Hekate’s importance to people is somewhat overlooked, because most people behind the whole Goddess of witchcraft and magic. Hekate can be a guide on the path of your life, to the afterlife, when you have died. She can help you protect you from the demons of the world. By demons, I mean the perils of the world. Karisse, told me that during one of nightmares, Hekate intervened and drove the demons that were attacking her away. So Hekate is the type of Goddess that helps you overcome your demons and helps you on your road of your life. By demons I don’t mean the Judeo - Islamic – Christian demons, but the metaphorical demons, the mental/ psychological demons that can plague us from time to time.
At this time, I don’t know enough on her to write down more than 3 points of view. I need to do some more reading on Hekate, to gain a better understanding of this deity. Through reading, I can learn more on her and form an opinion on her. Well, we will see where it takes me. I owe her allot. She stood by me in times I needed her most. I thanked her with the whole of my heart for the support she and Aidoneos have offered to me. Without them, I would have gone insane or committed suicide. They are the rocks in my life. Karisse calls Aidoneos “Dark father” and Hekate “the Dark Mother”. I never really understood it until now. They are my dark parents, who watched over me and guided me through me.

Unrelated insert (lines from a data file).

(* Let $\mathcal H$ be a complex Hilbert space and $T\in\mathcal B(\mathcal H)$ left-invertible, with Cauchy dual $T'=T(T^*T)^{-1}$. The following are equivalent: (i) $\|T'T^*x\|\le\|T'Tx\|$ for all $x\in\mathcal H$; (ii) $T(T^*T)^{-1}T^*\le T^*(T^*T)^{-1}T$; (iii) $P_{\mathcal R(T)}\le T^*(T^*T)^{-1}T$; (iv) the restriction of $T'$ to its range $\mathcal R(T')$ is hyponormal. In particular, every concave operator is weakly concave.
   Context: $P_{\mathcal M}$ is the orthogonal projection onto a closed subspace $\mathcal M$; $\mathcal R(\cdot)$ is the range. An operator $A$ is hyponormal if $A^*A-AA^*\ge0$. $T$ is concave if $I-2T^*T+T^{*2}T^2\le0$. A left-invertible $T$ is weakly concave if $\sigma_{ap}(T)\subseteq\partial\mathbb D$ (approximate point spectrum in the unit circle), $\|x\|\le\|Tx\|$ for all $x$, and $\|T'T^*x\|\le\|T'Tx\|$ for all $x$. *)

From HB Require Import structures.
From mathcomp Require Import all_boot all_order all_algebra.
From mathcomp Require Import reals.
From mathcomp Require Import complex.
From Stdlib Require Import ClassicalEpsilon.

Set Implicit Arguments. Unset Strict Implicit. Unset Printing Implicit Defensive.
Import Order.TTheory GRing.Theory Num.Theory.
Local Open Scope ring_scope.

Section Hilbert.
Variables (R : realType) (V : lmodType R[i]) (ip : V -> V -> R[i]).

Definition inner_product : Prop :=
  [/\ (forall (a : R[i]) (x y z : V), ip (a *: x + y) z = a * ip x z + ip y z),
      (forall x y : V, ip y x = (ip x y)^*),
      (forall x : V, 0 <= ip x x) &
      (forall x : V, ip x x = 0 -> x = 0)].

Definition hnorm (x : V) : R[i] := sqrtC (ip x x).

Definition complete : Prop :=
  forall u : nat -> V,
    (forall e : R[i], 0 < e -> exists N : nat, forall m n : nat,
        (N <= m)%N -> (N <= n)%N -> hnorm (u m - u n) < e) ->
    exists l : V, forall e : R[i], 0 < e -> exists N : nat, forall n : nat,
        (N <= n)%N -> hnorm (u n - l) < e.

Definition hilbert : Prop := inner_product /\ complete.

Definition is_lin (A : V -> V) : Prop :=
  forall (a : R[i]) (x y : V), A (a *: x + y) = a *: A x + A y.

Definition bounded_op (A : V -> V) : Prop :=
  is_lin A /\ exists M : R[i], forall x : V, hnorm (A x) <= M * hnorm x.

(* Hilbert-space adjoint A^* (unique whenever it exists) *)
Definition adj (A : V -> V) : V -> V :=
  epsilon (inhabits id) (fun B : V -> V => forall x y : V, ip (A x) y = ip x (B y)).

Definition opinv (A : V -> V) : V -> V :=
  epsilon (inhabits id) (fun B : V -> V =>
    bounded_op B /\ (forall x, B (A x) = x) /\ (forall x, A (B x) = x)).

Definition left_invertible (T : V -> V) : Prop :=
  exists L : V -> V, bounded_op L /\ forall x, L (T x) = x.

Definition cdual (T : V -> V) : V -> V := T \o opinv (adj T \o T).

Definition op_le (A B : V -> V) : Prop := forall x : V, ip (A x) x <= ip (B x) x.

Definition oprange (A : V -> V) : V -> Prop := fun y => exists x, y = A x.

Definition is_orth_proj (M : V -> Prop) (P : V -> V) : Prop :=
  [/\ is_lin P, (forall x, M (P x)), (forall x, M x -> P x = x) &
      (forall x y, M y -> ip (x - P x) y = 0)].

Definition orth_proj (M : V -> Prop) : V -> V :=
  epsilon (inhabits id) (is_orth_proj M).

(* the adjoint (in B(M)) of the restriction A|_M of an operator A with A M ⊆ M *)
Definition adj_on (M : V -> Prop) (A : V -> V) : V -> V :=
  epsilon (inhabits id) (fun B : V -> V =>
    (forall x, M x -> M (B x)) /\
    (forall x y, M x -> M y -> ip (A x) y = ip x (B y))).

Definition hyponormal_on (M : V -> Prop) (A : V -> V) : Prop :=
  (forall x, M x -> M (A x)) /\
  forall x, M x ->
    0 <= ip (adj_on M A (A x) - A (adj_on M A x)) x.

Definition concave (T : V -> V) : Prop :=
  op_le (fun x => x - 2%:R *: adj T (T x) + adj T (adj T (T (T x)))) (fun _ => 0).

Definition ap_spec (T : V -> V) (l : R[i]) : Prop :=
  forall e : R[i], 0 < e -> exists x : V, hnorm x = 1 /\ hnorm (T x - l *: x) < e.

Definition weakly_concave (T : V -> V) : Prop :=
  [/\ left_invertible T,
      (forall l : R[i], ap_spec T l -> `|l| = 1),
      (forall x : V, hnorm x <= hnorm (T x)) &
      (forall x : V, hnorm (cdual T (adj T x)) <= hnorm (cdual T (T x)))].

End Hilbert.

From HB Require Import structures.
From mathcomp Require Import all_boot all_order all_algebra.
From mathcomp Require Import reals complex ring lra.
From Stdlib Require Import ClassicalEpsilon.
Import Order.TTheory GRing.Theory Num.Theory.
Set Implicit Arguments. Unset Strict Implicit. Unset Printing Implicit Defensive.
Local Open Scope ring_scope.

(* With Q := (T^* T)^-1 we have T' = T Q, and P := T Q T^* is the orthogonal
   projection onto R(T) = R(T').  All four conditions say that
   ||T Q T^* y|| <= ||T Q T y|| for every y:
   (ii) because <T Q T^* y, y> = ||T Q T^* y||^2 and <T^* Q T y, y> = ||T Q T y||^2;
   (iii) because P = T Q T^*;
   (iv) because the adjoint of T' restricted to R(T) is P Q T^*, which maps T y to
   T Q T^* y, and an operator A with adjoint B on an invariant subspace is
   hyponormal there iff ||B x|| <= ||A x||.
   If T is concave, k |-> ||T^k x||^2 is concave, so ||x|| <= ||T x|| and ||T^k x||^2
   grows at most linearly; the latter rules out approximate eigenvalues of modulus
   > 1.  Finally 2 <u, w> - ||T u||^2 <= ||T Q w||^2 with u = w = T y gives
   ||T Q T^* y||^2 <= ||y||^2 <= 2 ||T y||^2 - ||T^2 y||^2 <= ||T Q T y||^2.
   Adjoints and (T^* T)^-1 are obtained from the Riesz representation theorem,
   itself a consequence of the projection theorem. *)

Local Notation "x %:C" := (real_complex _ x) (format "x %:C").
(* Real and imaginary parts with values in [R] (the generic ['Re] is [R[i]]-valued). *)
Local Notation Re := complex.Re.
Local Notation Im := complex.Im.

Section ComplexScalars.
Variable R : realType.
Implicit Types (a b z : R[i]) (r : R).

Lemma ReM a b : Re (a * b) = Re a * Re b - Im a * Im b.
Proof. by case: a => ? ?; case: b => ? ?. Qed.
Lemma ImM a b : Im (a * b) = Re a * Im b + Im a * Re b.
Proof. by case: a => ? ?; case: b => ? ?. Qed.
Lemma ReD a b : Re (a + b) = Re a + Re b. Proof. by case: a => ? ?; case: b => ? ?. Qed.
Lemma ReN a : Re (- a) = - Re a. Proof. by case: a => ? ?. Qed.
Lemma ReJ a : Re a^* = Re a. Proof. by case: a => ? ?. Qed.
Lemma ImJ a : Im a^* = - Im a. Proof. by case: a => ? ?. Qed.
Lemma ReCM r a : Re (r%:C * a) = r * Re a. Proof. by rewrite ReM /= mul0r subr0. Qed.

Lemma complex_ext a b : Re a = Re b -> Im a = Im b -> a = b.
Proof. by case: a; case: b => ? ? ? ? /= -> ->. Qed.

Lemma conjC_real r : r%:C^* = r%:C.
Proof. by apply: complex_ext; rewrite ?ReJ ?ImJ /= ?oppr0. Qed.

Definition normc2 z : R := Re z ^+ 2 + Im z ^+ 2.

Lemma normc2_ge0 z : 0 <= normc2 z. Proof. rewrite /normc2; nra. Qed.

Lemma normc2_eq0 z : normc2 z = 0 -> z = 0.
Proof.
rewrite /normc2 => z0; have Re0 : Re z ^+ 2 = 0 by nra.
have Im0 : Im z ^+ 2 = 0 by nra.
by apply: complex_ext; apply/eqP; rewrite -sqrf_eq0 ?Re0 ?Im0.
Qed.

Lemma mulJc z : z^* * z = (normc2 z)%:C.
Proof. apply: complex_ext; rewrite ?ReM ?ImM ?ReJ ?ImJ /= /normc2; ring. Qed.

Lemma normc2M a b : normc2 (a * b) = normc2 a * normc2 b.
Proof. rewrite /normc2 ReM ImM; ring. Qed.

Lemma normc2X a k : normc2 (a ^+ k) = normc2 a ^+ k.
Proof.
elim: k => [|k IHk]; first by rewrite !expr0 /normc2 /= expr0n addr0 expr1n.
by rewrite !exprS normc2M IHk.
Qed.

Lemma normc2_real r : normc2 r%:C = r ^+ 2. Proof. by rewrite /normc2 /= expr0n addr0. Qed.

Lemma normc2_norm a : `|a| ^+ 2 = (normc2 a)%:C.
Proof. by rewrite sqr_normc mulrC mulJc. Qed.

Lemma ge0_complex z : 0 <= z -> z = (Re z)%:C.
Proof. by rewrite lecE => /andP[/eqP Im0 _]; apply: complex_ext; rewrite //= Im0. Qed.

Lemma gt0_complex z : 0 < z -> z = (Re z)%:C /\ 0 < Re z.
Proof. by rewrite ltcE => /andP[/eqP Im0 ->]; split => //; apply: complex_ext; rewrite //= Im0. Qed.

Lemma sqrtC_real r : 0 <= r -> sqrtC r%:C = (Num.sqrt r)%:C.
Proof.
move=> r0; rewrite -{1}(sqr_sqrtr r0) rmorphXn sqrCK //.
by rewrite -(rmorph0 (real_complex R)) lecR sqrtr_ge0.
Qed.

Lemma sqrtr_lt (a e : R) : 0 < e -> (Num.sqrt a < e) = (a < e ^+ 2).
Proof. by move=> e0; rewrite -[in RHS]ltr_sqrt ?exprn_gt0 // sqrtr_sqr gtr0_norm. Qed.

Lemma ler_of_small_eps (a b c : R) : 0 <= c ->
  (forall e, 0 < e -> e <= 1 -> a <= b + e * c) -> a <= b.
Proof.
move=> c0 small; case: (lerP a b) => // ba; exfalso.
pose e := (a - b) / (a - b + c + 1).
have eE : e * (a - b + c + 1) = a - b by rewrite /e divfK // gt_eqF //; lra.
have e0 : 0 < e by rewrite /e divr_gt0 ?subr_gt0 //; lra.
have e1 : e <= 1 by nra.
have := small e e0 e1; nra.
Qed.

Lemma exists_inv_lt (e : R) : 0 < e -> exists N, forall n, (N <= n)%N -> n.+1%:R^-1 < e.
Proof.
move=> e0; exists (Num.Def.archi_bound e^-1) => n Nn.
have lt_bound : e^-1 < (Num.Def.archi_bound e^-1)%:R by rewrite archi_boundP // invr_ge0 ltW.
rewrite -(invrK e) ltf_pV2 ?posrE ?invr_gt0 ?ltr0Sn //.
by apply: (lt_le_trans lt_bound); rewrite ler_nat; exact: leqW.
Qed.

Lemma bernoulli_ineq (h : R) k : 0 <= h -> 1 + k%:R * h <= (1 + h) ^+ k.
Proof.
move=> h0; elim: k => [|k IHk]; first by rewrite mul0r addr0 expr0.
have : 0 <= k%:R * h by rewrite mulr_ge0 // ler0n.
rewrite exprS -natr1; nra.
Qed.

(* Bernoulli for the exponent [2m]: [L ^+ 2m >= (1 + m h)^2 >= m^2 h^2], with [L = 1 + h]. *)
Lemma exists_pow_gt_affine (L A B : R) : 1 < L -> 0 <= A -> 0 <= B ->
  exists k, A + k%:R * B < L ^+ k.
Proof.
move=> L1 A0 B0; pose h := L - 1; have h0 : 0 < h by rewrite /h subr_gt0.
have := archi_boundP (divr_ge0 (addr_ge0 A0 (mulr_ge0 (ler0n _ 2) B0)) (ltW (exprn_gt0 2 h0))).
set m0 := Num.Def.archi_bound _ => m0_gt; pose m := m0.+1.
have m_gt : A + 2 * B < m%:R * h ^+ 2.
  rewrite ltr_pdivrMr ?exprn_gt0 // in m0_gt; apply: (lt_le_trans m0_gt).
  by apply: ler_wpM2r; [exact: exprn_ge0 (ltW h0) | rewrite ler_nat].
have m1 : 1 <= m%:R :> R by rewrite ler1n.
exists (m + m)%N; rewrite exprD natrD.
have hL : 1 + h = L by rewrite /h addrC subrK.
have := bernoulli_ineq m (ltW h0); rewrite hL => bern.
have : 0 <= m%:R * h by rewrite mulr_ge0 ?ler0n ?ltW.
nra.
Qed.

End ComplexScalars.

Section InnerProduct.
Variables (R : realType) (V : lmodType R[i]) (ip : V -> V -> R[i]).
Hypothesis ip_inner : inner_product ip.
Implicit Types (x y z : V) (a : R[i]).

Lemma ipDl x y z : ip (x + y) z = ip x z + ip y z.
Proof. by case: ip_inner => lin _ _ _; have := lin 1 x y z; rewrite scale1r mul1r. Qed.

Lemma ip0l z : ip 0 z = 0.
Proof. by apply: (addrI (ip 0 z)); rewrite addr0 -ipDl addr0. Qed.

Lemma ipZl a x z : ip (a *: x) z = a * ip x z.
Proof. by case: ip_inner => lin _ _ _; have := lin a x 0 z; rewrite addr0 ip0l addr0. Qed.

Lemma ipNl x z : ip (- x) z = - ip x z.
Proof. by rewrite -scaleN1r ipZl mulN1r. Qed.

Lemma ipBl x y z : ip (x - y) z = ip x z - ip y z.
Proof. by rewrite ipDl ipNl. Qed.

Lemma ipC x y : ip y x = (ip x y)^*.
Proof. by case: ip_inner. Qed.

Lemma ipDr x y z : ip x (y + z) = ip x y + ip x z.
Proof. by rewrite ipC ipDl rmorphD /= -!ipC. Qed.

Lemma ipZr a x y : ip x (a *: y) = a^* * ip x y.
Proof. by rewrite ipC ipZl rmorphM /= -ipC. Qed.

Lemma ip0r x : ip x 0 = 0.
Proof. by rewrite ipC ip0l rmorph0. Qed.

Lemma ipNr x y : ip x (- y) = - ip x y.
Proof. by rewrite ipC ipNl rmorphN /= -ipC. Qed.

Lemma ipBr x y z : ip x (y - z) = ip x y - ip x z.
Proof. by rewrite ipDr ipNr. Qed.

Lemma ipxx_eq0 x : ip x x = 0 -> x = 0.
Proof. by case: ip_inner => _ _ _; apply. Qed.

Lemma ip_eqr y z : (forall x, ip x y = ip x z) -> y = z.
Proof.
by move=> eq_yz; apply/eqP; rewrite -subr_eq0; apply/eqP/ipxx_eq0; rewrite ipBr eq_yz subrr.
Qed.

Definition norm2 x : R := Re (ip x x).

Lemma ipxx x : ip x x = (norm2 x)%:C.
Proof. by apply: ge0_complex; case: ip_inner. Qed.

Lemma norm2_ge0 x : 0 <= norm2 x.
Proof. by rewrite -lecR rmorph0 -ipxx; case: ip_inner. Qed.

Lemma norm2_eq0 x : norm2 x = 0 -> x = 0.
Proof. by move=> x0; apply: ipxx_eq0; rewrite ipxx x0 rmorph0. Qed.

Lemma norm20 : norm2 0 = 0. Proof. by rewrite /norm2 ip0l. Qed.

Lemma norm2D x y : norm2 (x + y) = norm2 x + norm2 y + 2 * Re (ip x y).
Proof. rewrite /norm2 ipDl !ipDr (ipC x y) !ReD ReJ; ring. Qed.

Lemma norm2N x : norm2 (- x) = norm2 x.
Proof. by rewrite /norm2 ipNl ipNr opprK. Qed.

Lemma norm2B x y : norm2 (x - y) = norm2 x + norm2 y - 2 * Re (ip x y).
Proof. rewrite norm2D norm2N ipNr ReN; ring. Qed.

Lemma norm2Z a x : norm2 (a *: x) = normc2 a * norm2 x.
Proof. by rewrite /norm2 ipZl ipZr mulrA [a * _]mulrC mulJc ipxx -rmorphM. Qed.

Lemma parallelogram x y : norm2 (x - y) + norm2 (x + y) = 2 * norm2 x + 2 * norm2 y.
Proof. rewrite norm2B norm2D; ring. Qed.

Lemma norm2D_le x y : norm2 (x + y) <= 2 * norm2 x + 2 * norm2 y.
Proof. by have := parallelogram x y; have := norm2_ge0 (x - y); lra. Qed.

Lemma norm2B_le x y : norm2 (x - y) <= 2 * norm2 x + 2 * norm2 y.
Proof. by have := norm2D_le x (- y); rewrite norm2N. Qed.

Lemma norm2_sub_scale x y a (s : R) :
  norm2 (x - (s%:C * a) *: y) = norm2 x + s ^+ 2 * normc2 a * norm2 y - 2 * s * Re (a^* * ip x y).
Proof.
rewrite norm2B norm2Z normc2M normc2_real ipZr rmorphM /= conjC_real.
by rewrite -[_ * _ * ip x y]mulrA ReCM; ring.
Qed.

Lemma Re_ip_le x y (s : R) : 0 < s -> 2 * Re (ip x y) <= s * norm2 x + s^-1 * norm2 y.
Proof.
move=> s0; have := norm2_ge0 (s%:C *: x - y).
rewrite norm2B norm2Z normc2_real ipZl ReCM => nonneg.
rewrite -(ler_pM2l s0) mulrDr !mulrA mulfV ?gt_eqF // mul1r; nra.
Qed.

Lemma CauchySchwarz x y : normc2 (ip x y) <= norm2 x * norm2 y.
Proof.
have [y0|y_neq0] := eqVneq (norm2 y) 0.
  by rewrite (norm2_eq0 y0) ip0r norm20 mulr0 /normc2 /= expr0n addr0.
have y_gt0 : 0 < norm2 y by rewrite lt_def y_neq0 norm2_ge0.
have := norm2_ge0 (x - ((norm2 y)^-1%:C * ip x y) *: y).
rewrite norm2_sub_scale mulJc /=.
have -> : norm2 x + (norm2 y)^-1 ^+ 2 * normc2 (ip x y) * norm2 y
    - 2 * (norm2 y)^-1 * normc2 (ip x y)
  = (norm2 x * norm2 y - normc2 (ip x y)) / norm2 y by field; rewrite gt_eqF.
by rewrite pmulr_lge0 ?invr_gt0 // subr_ge0.
Qed.

Lemma hnormE x : hnorm ip x = (Num.sqrt (norm2 x))%:C.
Proof. by rewrite /hnorm ipxx sqrtC_real // norm2_ge0. Qed.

Of course Apollon played a role in my life too, but I don’t call him “Father” or any other title that are giving to family members. He’s my patron deity, and I don’t feel the need to call him “uncle” or “brother”. There are some people who take this to far and start calling Hekate their mother or grandmother. The danger of not separating the human from the divine parent is possible, as they might start to think that Hekate is really their mother or grandmother to the point that they don’t accept anything else. No, there are to many people on the net spreading their beliefs based on fallacies. It’s our job as the educated pagans to correct these fallacies. And Hekate’s history and perhaps theology has suffered the most fallacies of them all.